В пакете данных за май Росстат радикально пересмотрел темпы прироста зарплаты и доходов в сторону увеличения (или, правильнее сказать, — уменьшения глубины спада, если говорить о реальных, скорректированных с учетом инфляции цифрах). В частности, рост номинальной заработной платы за апрель убыстрился с беспрецедентно низкой первой оценки в 1% до 5,2% в годовом сопоставлении, а в мае достиг уже 7,2%. Вместе с замедлением инфляции это привело к тому, что в мае падение реальной зарплаты остановилось и даже развернулось к незначительному росту.
Соответственно, падение покупок в розничной торговле тоже практически остановилось и нашло дно (возможно, временное) на отметке –9,2% от прошлогоднего. Покупки продовольствия стабилизировались на уровне –8,8% в годовом сравнении, спад покупок непродовольственных товаров замедлился до 9,6 с 10,4% в апреле.
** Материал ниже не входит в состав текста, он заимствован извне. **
Lemma run_consP p a v w q : run p (a :: v) w q <->
  exists r m w', [/\ (p, a, m, r) \in Delta, run r v w' q & w = op m w'].
Proof.
have run1 r m : run p [:: a] m r <-> (p, a, m, r) \in Delta.
  rewrite -[[:: a]]/(rcons [::] a) run_rconsP; split.
    by move=> [r' [w' [m' [/run_nilP[-> ->] pr ->]]]]; rewrite op1m.
  by move=> pr; exists p, e, m; rewrite op1m; split=> //; apply: gen_refl.
rewrite -cat1s run_catP; split.
  by move=> [r [m [w' [/run1 pr rq ->]]]]; exists r, m, w'.
by move=> [r [m [w' [pr rq ->]]]]; exists r, m, w'; split=> //; apply/run1.
Qed.

Definition edge p a q :=
  has (fun t : Q * Sigma * M * Q => [&& t.1.1.1 == p, t.1.1.2 == a & t.2 == q]) Delta.

Lemma edgeP p a q : reflect (exists m, (p, a, m, q) \in Delta) (edge p a q).
Proof.
apply: (iffP hasP) => [[[[[p' a'] m] q'] t /and3P[/= /eqP<- /eqP<- /eqP<-]]|[m t]].
  by exists m.
by exists (p, a, m, q); rewrite //= !eqxx.
Qed.

Definition post (X : {set Q}) a := [set q | [exists p in X, edge p a q]].
Definition pre (Y : {set Q}) a := [set p | [exists q in Y, edge p a q]].

Lemma postP X a q :
  reflect (exists p m, p \in X /\ (p, a, m, q) \in Delta) (q \in post X a).
Proof.
rewrite inE; apply: (iffP existsP) => [[p /andP[Xp /edgeP[m t]]]|[p [m [Xp t]]]].
  by exists p, m.
by exists p; rewrite Xp; apply/edgeP; exists m.
Qed.

Lemma preP Y a p :
  reflect (exists m q, q \in Y /\ (p, a, m, q) \in Delta) (p \in pre Y a).
Proof.
rewrite inE; apply: (iffP existsP) => [[q /andP[Yq /edgeP[m t]]]|[m [q [Yq t]]]].
  by exists m, q.
by exists q; rewrite Yq; apply/edgeP; exists m.
Qed.

Definition Lset (u : seq Sigma) := foldl post I u.
Definition Rset (v : seq Sigma) := foldr (fun a Y => pre Y a) F v.

Lemma Lset_rcons u a : Lset (rcons u a) = post (Lset u) a.
Proof. exact: foldl_rcons. Qed.

Lemma LsetP u q : q \in Lset u <-> exists w, exists2 p, p \in I & run p u w q.
Proof.
elim/last_ind: u q => [|u a IHu] q.
  split=> [Iq|[w [p Ip /run_nilP[_ <-]]]] //.
  by exists e, q => //; apply: gen_refl.
rewrite Lset_rcons; split.
  move=> /postP[p [m [/IHu[w [p0 Ip0 p0p]] t]]].
  by exists (op w m), p0 => //; apply: gen_step p0p t.
move=> [w [p0 Ip0 /run_rconsP[p [w' [m [p0p t _]]]]]].
by apply/postP; exists p, m; split=> //; apply/IHu; exists w', p0.
Qed.

Lemma RsetP v q : q \in Rset v <-> exists w, exists2 f, f \in F & run q v w f.
Proof.
elim: v q => [|a v IHv] q.
  split=> [Fq|[w [f Ff /run_nilP[_ ->]]]] //.
  by exists e, q => //; apply: gen_refl.
split.
  move=> /preP[m [r [/IHv[w [f Ff rf]] t]]].
  by exists (op m w), f => //; apply/run_consP; exists r, m, w.
move=> [w [f Ff /run_consP[r [m [w' [t rf _]]]]]].
by apply/preP; exists m, r; split=> //; apply/IHv; exists w', f.
Qed.

Lemma accepts_cat u v p q f w1 w2 :
  p \in I -> run p u w1 q -> run q v w2 f -> f \in F -> accepts (u ++ v) (op w1 w2).
Proof.
by move=> Ip pq qf Ff; exists p, f; split=> //; apply/run_catP; exists q, w1, w2.
Qed.

Lemma meet_accepts u v : Lset u :&: Rset v != set0 <-> exists m, accepts (u ++ v) m.
Proof.
split=> [/set0Pn[q /setIP[/LsetP[w1 [p Ip pq]] /RsetP[w2 [f Ff qf]]]]|].
  by exists (op w1 w2); apply: accepts_cat pq qf Ff.
move=> [m [p [f [Ip Ff /run_catP[q [w1 [w2 [pq qf _]]]]]]]].
apply/set0Pn; exists q; rewrite inE.
by apply/andP; split; [apply/LsetP; exists w1, p | apply/RsetP; exists w2, f].
Qed.

Definition lout u q := epsilon (inhabits e) (fun w => exists2 p, p \in I & run p u w q).
Definition rout v q := epsilon (inhabits e) (fun w => exists2 f, f \in F & run q v w f).

Lemma loutP u q : q \in Lset u -> exists2 p, p \in I & run p u (lout u q) q.
Proof. by move/LsetP; apply: epsilon_spec. Qed.

Lemma routP v q : q \in Rset v -> exists2 f, f \in F & run q v (rout v q) f.
Proof. by move/RsetP; apply: epsilon_spec. Qed.

Lemma lout_accepted u q : q \in Lset u -> q \in F -> accepts u (lout u q).
Proof. by move=> /loutP[p Ip pq] Fq; exists p, q. Qed.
Эта стабилизация зарплат и потребления, по-видимому, отразила напряженное состояние рынка труда, сохраняющееся несмотря на сжатие выпуска и остающийся стабильным курс рубля на протяжении двух последних месяцев. Импорт, хоть и продолжал сжиматься (в последних данных за апрель он был на 40% меньше, чем год назад в физическом объеме, то есть с поправкой на инфляцию долларовых цен), но, видимо, сжатие это в последние месяцы происходит целиком за счет продукции инвестиционного назначения и потребительских товаров длительного пользования (автомобили, бытовая техника). Импорт продовольствия, очевидно, постепенно стабилизируется.
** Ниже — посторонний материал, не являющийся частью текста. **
(* arnoldi N A H y0 j = [v_1; ...; v_{j+1}] *)
Fixpoint arnoldi (N : nat) (A H : Mat) (y0 : Vec) (j : nat) : list Vec :=
  match j with
  | O => vscale (/ sqrt (ipH N H y0 y0)) y0 :: nil
  | S j' => let vs := arnoldi N A H y0 j' in
            let w := arnoldi_w N A H vs in
            vs ++ (vscale (/ sqrt (ipH N H w w)) w :: nil)
  end.

(* no breakdown: y0 <> 0 and h_{j+1,j} <> 0 for j = 1..n-1 *)
Definition no_breakdown (N n : nat) (A H : Mat) (y0 : Vec) : Prop :=
  ipH N H y0 y0 <> 0 /\
  forall j, (j + 1 < n)%nat ->
    ipH N H (arnoldi_w N A H (arnoldi N A H y0 j))
            (arnoldi_w N A H (arnoldi N A H y0 j)) <> 0.

Section Setup.
Variables (m n : nat) (H : Mat) (y0 : Vec).
Definition Ndim : nat := 2 * m.
Definition Amat : Mat := mm Ndim (Jmat m) H.
(* V_n : 2m x n, column j (0-based) is v_{j+1} *)
Definition Vn : Mat := fun i j =>
  nth j (arnoldi Ndim Amat H y0 (n - 1)) vzero i.
Definition Hn : Mat := mm Ndim (mm Ndim (tr Vn) H) (mm Ndim Amat Vn).
Definition z0 : Vec := mv Ndim (mm Ndim (tr Vn) H) y0.
Definition yH (z : Vec) : Vec := fun i => sumR n (fun j => Vn i j * z j).
Definition Hk (k : nat) (y : Vec) : R :=
  / 2 * dot Ndim y
    (mv Ndim (mm n (mm n (mm Ndim H Vn) (mpow n Hn (2 * k)))
                   (mm Ndim (tr Vn) H)) y).
End Setup.

From Stdlib Require Import Reals List Arith Lia Lra Classical.
Open Scope R_scope.

(* The Arnoldi vectors are H-orthonormal, so for y = V_n z the quantity
   H_k(y) collapses to z^T (H_n)^(2k) z / 2.  Since H is symmetric and J skew,
   H J H is skew, hence so is H_n = V_n^T (H J H) V_n.  Along z' = H_n z the
   derivative of z^T M z is z^T (H_n^T M + M H_n) z, which vanishes for
   M = (H_n)^(2k) because H_n^T = - H_n commutes with its own powers.  In
   particular the bound k <= n/2 - 1 and the initial value of z play no role. *)

Lemma sumR_ext n f g :
  (forall i, (i < n)%nat -> f i = g i) -> sumR n f = sumR n g.
Proof.
  induction n; intros E; simpl; [reflexivity|].
  rewrite IHn, E; auto; intros; apply E; lia.
Qed.

Lemma sumR_add n f g : sumR n (fun i => f i + g i) = sumR n f + sumR n g.
Proof. induction n; simpl; [lra|]. rewrite IHn; ring. Qed.

Lemma sumR_mult_l n c f : sumR n (fun i => c * f i) = c * sumR n f.
Proof. induction n; simpl; [ring|]. rewrite IHn; ring. Qed.

Lemma sumR_mult_r n c f : sumR n (fun i => f i * c) = sumR n f * c.
Proof. induction n; simpl; [ring|]. rewrite IHn; ring. Qed.

Lemma sumR_opp n f : sumR n (fun i => - f i) = - sumR n f.
Proof. induction n; simpl; [ring|]. rewrite IHn; ring. Qed.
Ранние индикаторы деловой активности в мае в виде индекса менеджеров по закупкам PMI, оптимистично предрекавшие близкое или даже уже состоявшееся прекращение спада в секторе услуг, не обещали тем не менее промышленному производству ничего утешительного. Что и подтвердила официальная статистика за май. Спад индекса промпроизводства (ИПП) углубился до 5,5% в годовом сравнении (на 1 п. п. против апрельских значений), в том числе выпуск обрабатывающих производств увеличился в мае до –8,3% против –7,2% в апреле.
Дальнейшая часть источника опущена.